Suivant le canevas imposé réglementairement, les informations devant figurer dans le bilan social sont regroupées en 7 chapitres portant respectivement sur :
- l’emploi ;
- les rémunérations et charges accessoires ;
- la santé et la sécurité au travail ;
- les autres conditions de travail (durée et aménagement du temps de travail, organisation, conditions physiques du travail) ;
- la formation professionnelle ;
- les relations professionnelles ;
- les conditions de vie des salariés (activités sociales, charges sociales).
Voilà qui fait dire trop vite que la formation professionnelle relève des données à faire figurer obligatoirement dans le bilan social. Une mise à jour essentielle s’impose à la lecture de la législation en vigueur.
Le cadre réglementaire incomplet du bilan social : un question d’actualité depuis 2018
Force est de constater que beaucoup d’articles du Code de travail trop vite cités ont été abrogés au 31 décembre 2017. Plutôt que de nous perdre dans des informations mal glanées, plongeons-nous dans les textes en vigueur puisque le Code du travail continue à se référer au bilan social (articles L. 2312-28 à L. 2312-35).
C’est ainsi que l’article L. 2312-28 du Code du travail prévoit que les entreprises d’au moins 300 salariés doivent mettre les données du bilan social à disposition du CSE à travers la base de données économiques, sociales et environnementales (BDESE).
Logique juridique oblige, vous vous demandez quelles sont les données à y inclure ? Existe-il une obligation d’inclure les données de la formation professionnelle ? Direction l’article L. 2312-30 du Code du travail qui définit le bilan social dans les termes d’antan. La pierre d’achoppement : le législateur a indiqué que le contenu des informations serait précisé par décret. Or, celui-ci se fait attendre depuis 2018.
Résultat des courses : s’il est indéniable que bilan social et la BDESE ont fusionné, la question est de savoir comment peut-on rédiger un bilan social dont le contenu obligatoire devait être fixé par un décret toujours attendu ? Et plus encore, comment y voir des obligations de contenu liées à la formation professionnelle ?
La BDSE : alternative aux obligations perdues du bilan social en matière de formation professionnelle ?
Les articles L. 2312-31 et L. 2312-32 du Code du travail en vigueur depuis 2018 indiquent que les données du bilan social doivent être mises à disposition des travailleurs qui en font la demande, mais aussi auprès de l’inspection du travail avec avis du comité d’entreprise. Elles doivent également être disponibles pour les actionnaires quand il s’agit de sociétés par actions.
Nous revoilà avec le même écueil : ce décret jamais publié. Depuis le 1er janvier 2018, il n’existe donc plus d’obligation légale de rédiger un bilan social. En gardant à l’esprit la fusion entre la BDESE, née en 2013, et bilan social, nous pouvons dire que la seule obligation est de produire une base de données économiques, sociales et environnementales (BDESE).

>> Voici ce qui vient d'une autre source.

(* Let $\{z_n\}_{n\ge 0}$ be a sequence of positive numbers satisfying the recurrence $$z_{n+1}=a_nz_{n}+b_nz_{n-1}\qquad (n\ge 1),$$ where $a_n>0$ and $b_n<0$. Assume that $a_{n+1}a_n+b_{n+1}>0$ for $n\geq 1$. For each $n$ let $$f_n(x)=\left[(a_{n+1}a_n+b_{n+1})x+a_{n+1}b_n\right](x-a_{n-1})x^6-b_{n-1}(a_nx+b_n)^4.$$ Suppose there exist two sequences $r(n)$ and $s(n)$ and a positive integer $N$ such that for all $n\geq N$: (i) $r(n)\leq\frac{z_{n}}{z_{n-1}}\leq s(n)\leq a_n$; (ii) $8(a_{n+1}a_n+b_{n+1})r(n)+5(a_{n+1}b_{n}-a_{n-1}a_{n+1}a_n-a_{n-1}b_{n+1})\geq0$ and $a_nr(n)+b_n\geq0$; (iii) $f_n''(r(n))>0$, $f_n'(r(n))>0$ and $f_n(s(n))<0$. Then the ratio sequence $\{z_{n+1}/z_n\}_{n\ge N}$ is ratio log-convex.
   Context: A sequence $\{x_n\}$ of positive numbers is log-convex if $x_{n-1}x_{n+1}\ge x_n^2$ for all indices $n$ for which the three terms are defined. A sequence $\{x_n\}$ of positive numbers is called ratio log-convex if the sequence $\{x_{n+1}/x_n\}$ is log-convex. *)

From mathcomp Require Import all_boot all_order all_algebra.
Set Implicit Arguments. Unset Strict Implicit. Unset Printing Implicit Defensive.
Import Order.TTheory GRing.Theory Num.Theory.
Local Open Scope ring_scope.

Definition log_convex_from {R : realFieldType} (N : nat) (x : nat -> R) : Prop :=
  (forall n, (N <= n)%N -> 0 < x n) /\
  (forall n, (N < n)%N -> x n ^+ 2 <= x n.-1 * x n.+1).

Definition ratio_log_convex_from {R : realFieldType} (N : nat) (x : nat -> R) : Prop :=
  (forall n, (N <= n)%N -> 0 < x n) /\
  log_convex_from N (fun n => x n.+1 / x n).

Definition fpoly {R : realFieldType} (a b : nat -> R) (n : nat) : {poly R} :=
  ((a n.+1 * a n + b n.+1) *: 'X + (a n.+1 * b n)%:P) * ('X - (a n.-1)%:P) * 'X^6
  - b n.-1 *: (a n *: 'X + (b n)%:P) ^+ 4.

From mathcomp Require Import all_boot all_order all_algebra.
From mathcomp Require Import ring lra.
Set Implicit Arguments. Unset Strict Implicit. Unset Printing Implicit Defensive.
Import Order.TTheory GRing.Theory Num.Theory.
Local Open Scope ring_scope.

(* Write p, q, u, v, w for z_(n-2), ..., z_(n+2).  Eliminating v and w with the
   recurrence gives f_n(u/q) = b_(n-1) q^-8 (w p u^6 - v^4 q^4), and the ratio
   log-convexity inequality at n-1 is exactly w p u^6 >= v^4 q^4.  As
   b_(n-1) < 0 it is enough that f_n(z_n/z_(n-1)) < 0.  Hypotheses (ii) and
   (iii) make every non-constant Taylor coefficient of f_n at r(n)
   nonnegative, so f_n is nondecreasing on [r(n), +oo) and
   f_n(z_n/z_(n-1)) <= f_n(s(n)) < 0. *)

Lemma ler_horner (R : numDomainType) (p : {poly R}) x y :
  (forall i, (0 < i)%N -> 0 <= p`_i) -> 0 <= x -> x <= y -> p.[x] <= p.[y].
Proof.
move=> p_ge0 x_ge0 le_xy; rewrite !horner_coef; apply: ler_sum => -[[|i] _] _ /=.
  by rewrite !expr0.
apply: ler_wpM2l; first exact: p_ge0.
by apply: lerXn2r; rewrite ?nnegrE // (le_trans x_ge0).
Qed.

Section Octic.
Variables (R : realFieldType) (A B c d a b : R).

Definition octic : {poly R} :=
  (A *: 'X + B%:P) * ('X - c%:P) * 'X^6 - d *: (a *: 'X + b%:P) ^+ 4.

Lemma horner_octic x :
  octic.[x] =
  A * x ^+ 8 + (B - A * c) * x ^+ 7 - B * c * x ^+ 6 - d * (a * x + b) ^+ 4.
Proof.
rewrite /octic !(hornerD, hornerN, hornerM, hornerZ, horner_exp, hornerX,
  hornerC, hornerXn).
ring.
Qed.

Lemma octicE : octic =
  A *: 'X^8 + (B - A * c) *: 'X^7 - (B * c) *: 'X^6 - d *: (a *: 'X + b%:P) ^+ 4.
Proof. by rewrite /octic -!mul_polyC polyCB !polyCM; ring. Qed.

Lemma horner_deriv_octic x :
  (octic^`()).[x] = 8%:R * A * x ^+ 7 + 7%:R * (B - A * c) * x ^+ 6
    - 6%:R * B * c * x ^+ 5 - 4%:R * a * d * (a * x + b) ^+ 3.
Proof.
rewrite octicE !(derivMn, derivXn, deriv_exp, derivD, derivB, derivN, derivZ,
  derivC, derivX, derivM, alg_polyC).
rewrite !(hornerMn, hornerD, hornerN, hornerM, hornerZ, horner_exp, hornerX,
  hornerC, hornerXn) /=.
ring.
Qed.

Lemma horner_deriv2_octic x :
  (octic^`(2)).[x] = 56%:R * A * x ^+ 6 + 42%:R * (B - A * c) * x ^+ 5
    - 30%:R * B * c * x ^+ 4 - 12%:R * a ^+ 2 * d * (a * x + b) ^+ 2.
Proof.
rewrite octicE derivnS derivn1.
rewrite !(derivMn, derivXn, deriv_exp, derivD, derivB, derivN, derivZ,
  derivC, derivX, derivM, alg_polyC).
rewrite !(hornerMn, hornerD, hornerN, hornerM, hornerZ, horner_exp, hornerX,
  hornerC, hornerXn) /=.
ring.
Qed.

(* The Taylor coefficients of [octic] at [r], arranged so that their signs can
   be read off: [P] is the quantity of hypothesis (ii), and [G], [F], [D] are
   positive when [A, c > 0] and [B, d < 0]. *)
Definition octic_taylor (r : R) : seq R :=
  let P := 8%:R * A * r + 5%:R * (B - A * c) in
  let G := A * c - B in let F := - (B * c) in let D := - d in
  let u := a * r + b in
  [:: octic.[r]; (octic^`()).[r]; (octic^`(2)).[r] / 2%:R;
      7%:R * r ^+ 4 * P + 20%:R * F * r ^+ 3 + 4%:R * D * u * a ^+ 3;
      35%:R / 4%:R * r ^+ 3 * (P + G) + 15%:R * F * r ^+ 2 + D * a ^+ 4;
      7%:R * r ^+ 2 * (P + 2%:R * G) + 6%:R * F * r;
      7%:R / 2%:R * r * (P + 3%:R * G) + F;
      P + 4%:R * G;
      A].

Lemma horner_octic_taylor r t : (Poly (octic_taylor r)).[t] = octic.[r + t].
Proof.
rewrite horner_Poly /= horner_deriv2_octic horner_deriv_octic !horner_octic.
by field.
Qed.

Lemma octic_taylor_ge0 r :
  0 < A -> B < 0 -> 0 < c -> d < 0 -> 0 < a -> b < 0 ->
  0 <= 8%:R * A * r + 5%:R * (B - A * c) -> 0 <= a * r + b ->
  0 < (octic^`()).[r] -> 0 < (octic^`(2)).[r] ->
  forall i, (0 < i)%N -> 0 <= (Poly (octic_taylor r))`_i.
Proof.
move=> A_gt0 B_lt0 c_gt0 d_lt0 a_gt0 b_lt0 P_ge0 u_ge0 d1_gt0 d2_gt0 [//|i] _.
rewrite coef_Poly.
have r_gt0 : 0 < r by rewrite -(pmulr_rgt0 _ a_gt0); lra.
have G_gt0 : 0 < A * c - B by have := mulr_gt0 A_gt0 c_gt0; lra.
have F_gt0 : 0 < - (B * c) by rewrite -mulNr mulr_gt0 // oppr_gt0.
have D_gt0 : 0 < - d by rewrite oppr_gt0.
case: i => [|[|[|[|[|[|[|[|i]]]]]]]] /=; last by rewrite nth_nil.
all: repeat first [ assumption | exact: ler0n | apply: ltW; assumption
                  | rewrite invr_ge0 | apply: addr_ge0 | apply: mulr_ge0 | apply: exprn_ge0 ].
Qed.

Lemma octic_nondecreasing r x y :
  0 < A -> B < 0 -> 0 < c -> d < 0 -> 0 < a -> b < 0 ->
  0 <= 8%:R * A * r + 5%:R * (B - A * c) -> 0 <= a * r + b ->
  0 < (octic^`()).[r] -> 0 < (octic^`(2)).[r] ->
  r <= x -> x <= y -> octic.[x] <= octic.[y].
Proof.
move=> A_gt0 B_lt0 c_gt0 d_lt0 a_gt0 b_lt0 P_ge0 u_ge0 d1_gt0 d2_gt0 le_rx le_xy.
rewrite -(subrKC r x) -(subrKC r y) -!horner_octic_taylor.
apply: ler_horner; first exact: octic_taylor_ge0.
- by rewrite subr_ge0.
- by rewrite lerD2r.
Qed.

End Octic.

Lemma fpolyE (R : realFieldType) (a b : nat -> R) n :
  fpoly a b n =
  octic (a n.+1 * a n + b n.+1) (a n.+1 * b n) (a n.-1) (b n.-1) (a n) (b n).
Proof. by []. Qed.

Lemma octic_at_ratio (R : realFieldType) (A' B' c d a b p q u v w : R) :
  q != 0 -> u = c * q + d * p -> v = a * u + b * q -> w = A' * v + B' * u ->
  (octic (A' * a + B') (A' * b) c d a b).[u / q]
    = d / q ^+ 8 * (w * p * u ^+ 6 - v ^+ 4 * q ^+ 4).
Proof. by move=> q_neq0 -> -> ->; rewrite horner_octic; field. Qed.

Lemma ratio_log_convex_ineq (R : realFieldType) (p q u v w : R) :
  0 < p -> 0 < q -> 0 < u -> 0 < v -> v ^+ 4 * q ^+ 4 <= w * p * u ^+ 6 ->
  (v / u / (u / q)) ^+ 2 <= u / q / (q / p) * (w / v / (v / u)).
Proof.
move=> p_gt0 q_gt0 u_gt0 v_gt0 le_vq_wpu; rewrite -subr_ge0.
have -> : u / q / (q / p) * (w / v / (v / u)) - (v / u / (u / q)) ^+ 2
    = (w * p * u ^+ 6 - v ^+ 4 * q ^+ 4) / (u ^+ 4 * q ^+ 2 * v ^+ 2).
  by field; rewrite !gt_eqF.
by rewrite divr_ge0 ?subr_ge0 // !mulr_ge0 // ?exprn_ge0 // ltW.
Qed.

Theorem theorem2p11 (R : realFieldType) (z a b r s : nat -> R) (N : nat)
  (hz : forall n, 0 < z n)
  (hrec : forall n, (1 <= n)%N -> z n.+1 = a n * z n + b n * z n.-1)
  (ha : forall n, (1 <= n)%N -> 0 < a n)
  (hb : forall n, (1 <= n)%N -> b n < 0)
  (hab : forall n, (1 <= n)%N -> 0 < a n.+1 * a n + b n.+1)
  (hN : (2 <= N)%N)
  (hi : forall n, (N <= n)%N ->
     r n <= z n / z n.-1 /\ z n / z n.-1 <= s n /\ s n <= a n)
  (hii : forall n, (N <= n)%N ->
     0 <= 8%:R * (a n.+1 * a n + b n.+1) * r n
          + 5%:R * (a n.+1 * b n - a n.-1 * a n.+1 * a n - a n.-1 * b n.+1)
     /\ 0 <= a n * r n + b n)
  (hiii : forall n, (N <= n)%N ->
     0 < ((fpoly a b n)^`(2)).[r n] /\ 0 < ((fpoly a b n)^`()).[r n]
     /\ (fpoly a b n).[s n] < 0) :
  ratio_log_convex_from N (fun n => z n.+1 / z n).
Proof.
(* [hN] and [s n <= a n] are not needed: every index used below is >= 1. *)
split=> [n _|]; first by rewrite divr_gt0.
split=> [n _|[//|k] /= ltNk]; first by rewrite !divr_gt0.
have leNm : (N <= k.+2)%N := leqW (ltnW ltNk).
have [le_r [le_s _]] := hi _ leNm.
have [P_ge0 u_ge0] := hii _ leNm.
have [d2_gt0 [d1_gt0 f_s_lt0]] := hiii _ leNm.
have f_lt0 : (fpoly a b k.+2).[z k.+2 / z k.+1] < 0.
  apply: le_lt_trans f_s_lt0; apply: (octic_nondecreasing (r := r k.+2));
    rewrite ?hab ?pmulr_rlt0 ?ha ?hb //; lra.
rewrite fpolyE (octic_at_ratio _ (hrec k.+1 _) (hrec k.+2 _) (hrec k.+3 _))
  ?gt_eqF // in f_lt0.
rewrite nmulr_rlt0 ?subr_gt0 in f_lt0; last first.
  by rewrite pmulr_llt0 ?invr_gt0 ?exprn_gt0 ?hb.
exact/ratio_log_convex_ineq/ltW.
Qed.
(* al1 n = alpha_{n,n-1}, al2 n = alpha_{n,n-2};
   be0 n = beta_{n,n},   be1 n = beta_{n,n+1}. *)
Theorem mainTheorem5 (R : realType) (c : R[i])
  (u uh : {poly R[i]} -> R[i]) (P Q : nat -> {poly R[i]})
  (J Jh : smat R[i]) (al1 al2 be0 be1 : nat -> R[i]) :
  lin_functional u -> lin_functional uh ->
  quasi_definite u -> quasi_definite uh ->
  (forall p, u p = uh (('X - c%:P) ^+ 2 * p)) ->
  is_SMOP u P -> is_SMOP uh Q ->
  monic_jacobi P J -> monic_jacobi Q Jh ->
  (forall n, Q n.+1 = P n.+1 + al1 n.+1 *: P n
                      + (if n is m.+1 then al2 n.+1 *: P m else 0)) ->
  (forall n, ('X - c%:P) ^+ 2 * P n = Q n.+2 + be1 n *: Q n.+1 + be0 n *: Q n) ->
  (forall n, (wronskian (Q n.+1) (Q n)).[c] != 0) /\
  (forall n, be0 n = (wronskian (Q n.+1) (Q n.+2)).[c] / (wronskian (Q n) (Q n.+1)).[c]
             /\ be0 n != 0) /\
  (forall n, be1 n = - ((wronskian (Q n) (Q n.+2)).[c] / (wronskian (Q n) (Q n.+1)).[c])) /\
  (exists M, smat_prod (smat_subc J c) (smat_subc J c) M
             /\ smat_prod (Umat be0 be1) (Lmat al1 al2) M) /\
  (exists M, smat_prod (smat_subc Jh c) (smat_subc Jh c) M
             /\ smat_prod (Lmat al1 al2) (Umat be0 be1) M).
Proof.
move=> u_lin uh_lin _ _ u_uh P_smop Q_smop PJ QJh QE PE.
have W_neq0 n := wronskian_neq0 n u_lin uh_lin u_uh P_smop Q_smop.
have beta n := beta_formulas (PE n) (W_neq0 n).
have [P_monic [P_size _]] := P_smop; have [Q_monic [Q_size _]] := Q_smop.
have nonzero (V : nat -> {poly R[i]}) m k : size (V k) = k.+1 -> ('X - c%:P) ^+ m * V k != 0.
  by move=> szV; rewrite mulf_neq0 ?expf_neq0 ?polyXsubC_eq0 // -size_poly_gt0 szV.
have L_exp : expands (Lmat al1 al2) P Q 1.
  by apply: Lmat_expands QE; apply: monic_size1.
split=> //; split=> [n|]; last split=> [n|]; last split.
- split; first by case: (beta n).
  by rewrite (beta n).1 mulf_neq0 ?invr_eq0 // wronskianC hornerN oppr_eq0.
- by case: (beta n).
- apply: (same_product (V := P)) (jacobi_sq_expands c PJ) (jacobi_expands c PJ)
    (Umat_expands PE) L_exp => // k; first exact: (nonzero _ 1%N).
  by rewrite -size_poly_gt0 Q_size.
- apply: (same_product (V := Q)) (jacobi_sq_expands c QJh) (jacobi_expands c QJh)
    (expands_mull _ L_exp) (Umat_expands PE) => // k; first exact: (nonzero _ 1%N).
  exact: (nonzero _ 2%N).
Qed.
Lemma seminorm_le_fine_sum (I : eqType) (rho : I -> X -> \bar K) (s : seq I)
    (q : subsp Y -> \bar K) (d : K) :
  (forall i, ext_seminorm (rho i)) -> seminorm q -> 0 < d ->
  (forall y, (forall i, i \in s -> (rho i (val y) < d%:E)%E) -> (q y < 1%:E)%E) ->
  forall y, fin_domain rho s (val y) -> (q y <= (d^-1 * fine_sum rho s (val y))%:E)%E.
Proof.
move=> rhoS [qS qfin] d0 qd y Ny; have [q0 _ _] := qS.
have sM : is_subspace [set y : subsp Y | fin_domain rho s (val y)].
  by case: (subspace_fin_domain s rhoS) => N0 NZD; split=> // a u v; apply: NZD.
have rS : real_seminorm (fin_domain rho s) (fun x => d^-1 * fine_sum rho s x).
  by apply: real_seminormZ; [rewrite invr_ge0 ltW|exact: real_seminorm_fine_sum].
rewrite -(fineK (qfin y)) lee_fin.
apply: (@real_seminorm_le _ _ _ (fine \o q) (fun y => d^-1 * fine_sum rho s (val y)) sM) Ny.
- by apply: sub_real_seminorm (real_seminorm_fine qS) => z _; apply: qfin.
- exact: (real_seminorm_comp (@linear_val _ _ Y) (fun y h => h) rS).
move=> z Nz rz; suff /(ge0_ltEFinP _ (q0 z))[] : (q z < 1%:E)%E by [].
apply: qd => i si; have [r0 _ _] := rhoS i.
apply/(ge0_ltEFinP _ (r0 _)); split; first exact: Nz.
apply: le_lt_trans (fine_le_fine_sum rhoS si Nz) _.
by move: rz; rewrite ltr_pdivrMl // mulr1.
Qed.

Lemma seminorm_extension_cont0 (I : Type) (rho : I -> X -> \bar K)
    (q : subsp Y -> \bar K) :
  (forall i, ext_seminorm (rho i)) -> seminorm q ->
  induced_cont0 (fun i (y : subsp Y) => rho i (val y)) q ->
  exists2 p, seminorm p & (forall y, (q y <= p (val y))%E) /\ induced_cont0 rho p.
Proof.
move=> rhoS qS /(_ 1 ltr01)[J [fJ [d d0 qd]]].
elim/Pchoice: I rho J rhoS fJ qd => I rho J rhoS /finite_seqP[s ->] qd.
have rS : real_seminorm (fin_domain rho s) (fun x => d^-1 * fine_sum rho s x).
  by apply: real_seminormZ; [rewrite invr_ge0 ltW|exact: real_seminorm_fine_sum].
have [p pS [qp pr]] := seminorm_extension (subspace_fin_domain s rhoS) rS qS
  (seminorm_le_fine_sum rhoS qS d0 qd).
exists p => //; split=> // e e0; exists [set` s]; split=> //.
exists (d * e / (size s).+1%:R); first by rewrite !mulr_gt0 // invr_gt0.
move=> x /(fine_sum_lt rhoS)[Nx xs]; rewrite pr // lte_fin ltr_pdivrMl //.
apply: le_lt_trans xs _; rewrite -[X in X < _]mulr_natr mulrAC ltr_pdivrMr ?ltr0Sn //.
by rewrite ltr_pM2l ?mulr_gt0 // ltr_nat.
Qed.

End ContinuousExtension.

Section FinestLocallyConvex.
Variables (K : numFieldType) (X : lmodType K) (Y : submodClosed X).

Lemma rel_top_finest (I : Type) (rho : I -> X -> \bar K) (tauF : set (set X)) :
  (forall i, ext_seminorm (rho i)) -> finest_lc_topology (induced_top rho) tauF ->
  finest_lc_topology (rel_top Y (induced_top rho)) (rel_top Y tauF).
Proof.
move=> rhoS [[IF [rhoF [rhoFS tauFE]]] tauF_sub tauF_max]; split.
- exists IF, (fun i (y : subsp Y) => rhoF i (val y)); split.
    by move=> i; case: (rhoFS i) => rS rfin; split=> //; exact: ext_seminorm_comp.
  by rewrite tauFE rel_top_induced // => i; case: (rhoFS i).
- exact: rel_top_subset.
move=> _ [J [q [qS ->]]]; rewrite rel_top_induced // => q_sub.
have qc := induced_cont0_subset (fun j => (qS j).1) q_sub.
have /choice[p pP] : forall j, exists p, [/\ seminorm p,
    forall y, (q j y <= p (val y))%E & induced_cont0 rho p].
  by move=> j; have [p pS [qp pc]] := seminorm_extension_cont0 rhoS (qS j) (qc j); exists p.
have p_sub : induced_top p `<=` tauF.
  apply: tauF_max; first by exists J, p; split=> // j; case: (pP j).
  by apply: induced_top_subset => j; case: (pP j).
apply: subset_trans (rel_top_subset p_sub); rewrite rel_top_induced; last first.
  by move=> j; case: (pP j) => -[].
apply: induced_top_subset => j e e0; exists [set j]; split; first exact: finite_set1.
by exists e => // y /(_ j erefl); apply: le_lt_trans; case: (pP j).
Qed.

End FinestLocallyConvex.

Section ContinuousDual.
Variables (K : numFieldType) (V : lmodType K).

Lemma seminorm_norm_scalar (f : V -> K) : scalar f -> seminorm (fun x => (`|f x|)%:E).
Proof.
move=> /GRing.semilinear_linear[fZ fD]; apply: seminorm_EFin.
by split=> [x _|a x _|x y _ _]; rewrite ?fZ ?fD ?normrM ?ler_normD.
Qed.

Lemma induced_top_norm_scalar (f : V -> K) (U : set K) : scalar f -> open U ->
  induced_top (fun _ : unit => fun x => (`|f x|)%:E) (f @^-1` U).
Proof.
move=> fL Uo x0 /Uo /nbhs_ballP[e /= e0 eU]; exists [set tt]; split=> //.
exists e => // x /(_ tt erefl); rewrite lte_fin (GRing.zmod_morphism_linear fL) => fx.
by apply: eU; rewrite /ball /= distrC.
Qed.

Lemma cdual_finest (I : Type) (rho : I -> V -> \bar K) (tauF : set (set V)) :
  (forall i, ext_seminorm (rho i)) -> finest_lc_topology (induced_top rho) tauF ->
  cdual tauF = cdual (induced_top rho).
Proof.
move=> rhoS [_ tauF_sub tauF_max].
apply/seteqP; split=> f [fL fc]; split=> // U Uo; first exact/tauF_sub/fc.
pose normf (_ : unit) x := (`|f x|)%:E.
apply: (tauF_max (induced_top normf)); last exact: induced_top_norm_scalar.
  by exists unit, normf; split=> // i; exact: seminorm_norm_scalar.
apply: induced_top_subset => j e e0.
have f0 : f 0 = 0 by rewrite -(subrr 0) (GRing.zmod_morphism_linear fL) subrr.
have /(_ 0)[] := fc _ (ball_open (0 : K) e); first by rewrite /= f0; exact: ballxx e0.
move=> J [fJ [d d0 dJ]]; exists J; split=> //; exists d => // x xJ.
have /= := dJ x; rewrite /ball /= sub0r normrN lte_fin; apply=> i Ji.
by rewrite subr0; apply: xJ.
Qed.

End ContinuousDual.

Unset Implicit Arguments.

Theorem theorem4p1 (K : numFieldType) (X : lmodType K) (tau tauF : set (set X))
  (Y : submodClosed X) :
  elc_topology tau -> finest_lc_topology tau tauF ->
  finest_lc_topology (rel_top Y tau) (rel_top Y tauF) /\
  cdual (rel_top Y tauF) = cdual (rel_top Y tau).
Proof.
move=> [I [rho [rhoS ->]]] tauF_finest.
have Y_finest := rel_top_finest Y rhoS tauF_finest.
split=> //; move: Y_finest; rewrite rel_top_induced // => Y_finest.
apply: cdual_finest Y_finest => i.
exact: ext_seminorm_comp (@linear_val _ _ Y) (rhoS i).
Qed.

Imposée aux entreprises qui emploient au moins 50 salariés, la BDESE est une base de données constamment mise à jour reprenant les informations nécessaires aux consultations et informations récurrentes mises à disposition du comité économique et social (CSE) :
- investissement social ;
- investissement matériel et immatériel ;
- égalité professionnelle entre hommes et femmes ;
- fonds propres, endettement et imposition ;
- rémunération des salariés, dirigeants et financeurs ;
- flux financiers, partenariats, transferts commerciaux et financiers ;
- environnement.
La formation professionnelle est aux abonnés absents dans la BDESE !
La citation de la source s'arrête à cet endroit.